WHAT TO WORK ON
In the entries below, find each line with the string "space" and copy it.

START DATA FOR REVIEW

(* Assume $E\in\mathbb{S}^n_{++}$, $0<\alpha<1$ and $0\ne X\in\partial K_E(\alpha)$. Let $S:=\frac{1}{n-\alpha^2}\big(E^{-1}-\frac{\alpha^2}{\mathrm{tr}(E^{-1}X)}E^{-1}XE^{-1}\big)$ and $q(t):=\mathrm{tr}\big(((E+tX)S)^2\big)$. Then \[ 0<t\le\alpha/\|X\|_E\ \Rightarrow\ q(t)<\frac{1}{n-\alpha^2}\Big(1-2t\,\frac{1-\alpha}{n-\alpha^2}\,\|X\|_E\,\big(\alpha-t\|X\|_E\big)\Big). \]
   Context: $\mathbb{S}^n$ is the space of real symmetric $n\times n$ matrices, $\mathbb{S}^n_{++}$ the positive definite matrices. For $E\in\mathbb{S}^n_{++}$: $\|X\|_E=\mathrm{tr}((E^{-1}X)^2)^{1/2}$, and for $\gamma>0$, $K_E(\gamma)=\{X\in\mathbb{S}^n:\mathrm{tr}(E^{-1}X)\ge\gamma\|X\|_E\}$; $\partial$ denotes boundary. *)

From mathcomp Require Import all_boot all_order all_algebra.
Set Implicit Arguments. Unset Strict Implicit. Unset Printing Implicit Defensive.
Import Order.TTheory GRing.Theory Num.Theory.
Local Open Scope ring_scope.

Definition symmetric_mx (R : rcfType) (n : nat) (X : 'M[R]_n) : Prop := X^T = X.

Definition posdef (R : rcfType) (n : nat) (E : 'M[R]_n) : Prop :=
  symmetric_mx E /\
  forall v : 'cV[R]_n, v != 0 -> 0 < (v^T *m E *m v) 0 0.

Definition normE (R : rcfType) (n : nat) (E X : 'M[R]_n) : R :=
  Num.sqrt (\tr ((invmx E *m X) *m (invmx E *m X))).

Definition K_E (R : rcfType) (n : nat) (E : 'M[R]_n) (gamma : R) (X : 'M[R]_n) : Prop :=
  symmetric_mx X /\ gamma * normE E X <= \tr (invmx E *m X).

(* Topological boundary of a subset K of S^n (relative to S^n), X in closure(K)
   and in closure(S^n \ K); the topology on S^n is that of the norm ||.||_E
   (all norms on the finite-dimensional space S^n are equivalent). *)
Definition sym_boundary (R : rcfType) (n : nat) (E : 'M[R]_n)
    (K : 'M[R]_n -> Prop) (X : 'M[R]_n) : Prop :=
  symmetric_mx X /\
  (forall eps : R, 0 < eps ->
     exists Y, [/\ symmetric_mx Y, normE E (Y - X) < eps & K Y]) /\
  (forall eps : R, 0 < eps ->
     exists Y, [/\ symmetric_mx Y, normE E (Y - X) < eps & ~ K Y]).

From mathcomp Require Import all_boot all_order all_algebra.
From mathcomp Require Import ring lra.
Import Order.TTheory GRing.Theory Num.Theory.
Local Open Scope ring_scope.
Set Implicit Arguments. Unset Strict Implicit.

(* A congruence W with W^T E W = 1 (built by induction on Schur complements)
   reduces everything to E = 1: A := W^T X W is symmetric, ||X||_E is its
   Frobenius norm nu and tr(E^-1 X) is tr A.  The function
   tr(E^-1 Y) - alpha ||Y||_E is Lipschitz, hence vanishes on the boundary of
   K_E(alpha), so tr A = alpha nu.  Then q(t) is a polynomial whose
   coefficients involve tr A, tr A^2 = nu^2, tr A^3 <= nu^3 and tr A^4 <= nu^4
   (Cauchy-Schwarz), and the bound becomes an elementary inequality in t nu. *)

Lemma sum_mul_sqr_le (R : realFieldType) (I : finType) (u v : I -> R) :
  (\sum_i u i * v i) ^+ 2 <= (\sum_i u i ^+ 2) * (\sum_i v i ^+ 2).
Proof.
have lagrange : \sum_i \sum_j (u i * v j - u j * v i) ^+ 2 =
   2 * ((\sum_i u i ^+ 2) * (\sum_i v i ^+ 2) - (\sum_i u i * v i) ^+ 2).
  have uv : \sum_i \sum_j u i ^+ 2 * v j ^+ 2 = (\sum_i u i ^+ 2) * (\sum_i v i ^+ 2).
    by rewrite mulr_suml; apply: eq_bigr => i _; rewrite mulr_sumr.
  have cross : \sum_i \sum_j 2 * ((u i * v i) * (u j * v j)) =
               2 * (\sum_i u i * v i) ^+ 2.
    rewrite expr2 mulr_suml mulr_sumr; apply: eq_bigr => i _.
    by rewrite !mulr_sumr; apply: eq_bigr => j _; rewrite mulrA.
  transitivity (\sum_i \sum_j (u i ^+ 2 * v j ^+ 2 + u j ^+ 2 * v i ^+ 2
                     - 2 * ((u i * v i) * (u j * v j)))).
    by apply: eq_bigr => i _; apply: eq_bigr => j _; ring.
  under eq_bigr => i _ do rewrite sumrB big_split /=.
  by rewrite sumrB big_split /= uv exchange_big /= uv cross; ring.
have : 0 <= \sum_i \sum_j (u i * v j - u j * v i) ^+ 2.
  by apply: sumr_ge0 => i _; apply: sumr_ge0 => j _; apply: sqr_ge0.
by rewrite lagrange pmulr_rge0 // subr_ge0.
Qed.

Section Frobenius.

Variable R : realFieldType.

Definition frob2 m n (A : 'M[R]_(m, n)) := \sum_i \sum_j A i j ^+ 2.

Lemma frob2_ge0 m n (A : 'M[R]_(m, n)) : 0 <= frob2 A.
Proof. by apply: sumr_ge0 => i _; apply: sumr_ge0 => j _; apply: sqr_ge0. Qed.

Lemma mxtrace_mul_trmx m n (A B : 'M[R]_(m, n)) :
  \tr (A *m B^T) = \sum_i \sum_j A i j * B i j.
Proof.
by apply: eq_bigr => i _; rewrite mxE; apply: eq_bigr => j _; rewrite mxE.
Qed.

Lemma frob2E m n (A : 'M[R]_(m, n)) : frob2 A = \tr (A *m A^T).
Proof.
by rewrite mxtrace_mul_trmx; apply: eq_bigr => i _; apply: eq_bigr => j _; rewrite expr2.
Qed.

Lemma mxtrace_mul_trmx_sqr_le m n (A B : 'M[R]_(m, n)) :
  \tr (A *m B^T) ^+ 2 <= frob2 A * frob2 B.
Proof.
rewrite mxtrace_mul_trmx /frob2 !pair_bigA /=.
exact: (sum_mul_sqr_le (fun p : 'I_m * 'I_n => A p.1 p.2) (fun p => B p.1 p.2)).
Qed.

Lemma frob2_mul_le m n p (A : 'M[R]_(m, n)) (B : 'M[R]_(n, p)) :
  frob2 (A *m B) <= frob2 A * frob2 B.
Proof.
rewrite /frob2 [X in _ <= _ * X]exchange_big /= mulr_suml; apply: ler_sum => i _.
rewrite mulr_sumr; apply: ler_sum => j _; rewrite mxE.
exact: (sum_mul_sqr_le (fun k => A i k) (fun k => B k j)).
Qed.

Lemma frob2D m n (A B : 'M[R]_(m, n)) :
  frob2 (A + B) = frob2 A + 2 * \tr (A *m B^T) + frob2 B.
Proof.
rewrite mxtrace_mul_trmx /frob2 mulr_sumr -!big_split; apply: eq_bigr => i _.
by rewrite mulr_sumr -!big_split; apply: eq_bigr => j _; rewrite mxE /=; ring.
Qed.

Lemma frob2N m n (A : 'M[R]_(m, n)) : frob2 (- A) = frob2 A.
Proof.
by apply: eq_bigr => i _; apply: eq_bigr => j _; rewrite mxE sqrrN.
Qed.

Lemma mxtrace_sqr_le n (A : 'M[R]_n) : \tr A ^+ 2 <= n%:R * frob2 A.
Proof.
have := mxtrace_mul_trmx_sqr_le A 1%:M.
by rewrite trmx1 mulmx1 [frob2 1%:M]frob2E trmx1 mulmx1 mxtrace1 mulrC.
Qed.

END DATA FOR REVIEW

SOLUTION BELOW
   Context: $\mathbb{S}^n$ is the space of real symmetric $n\times n$ matrices, $\mathbb{S}^n_{++}$ the positive definite matrices. For $E\in\mathbb{S}^n_{++}$: $\|X\|_E=\mathrm{tr}((E^{-1}X)^2)^{1/2}$, and for $\gamma>0$, $K_E(\gamma)=\{X\in\mathbb{S}^n:\mathrm{tr}(E^{-1}X)\ge\gamma\|X\|_E\}$; $\partial$ denotes boundary. *)
   (all norms on the finite-dimensional space S^n are equivalent). *)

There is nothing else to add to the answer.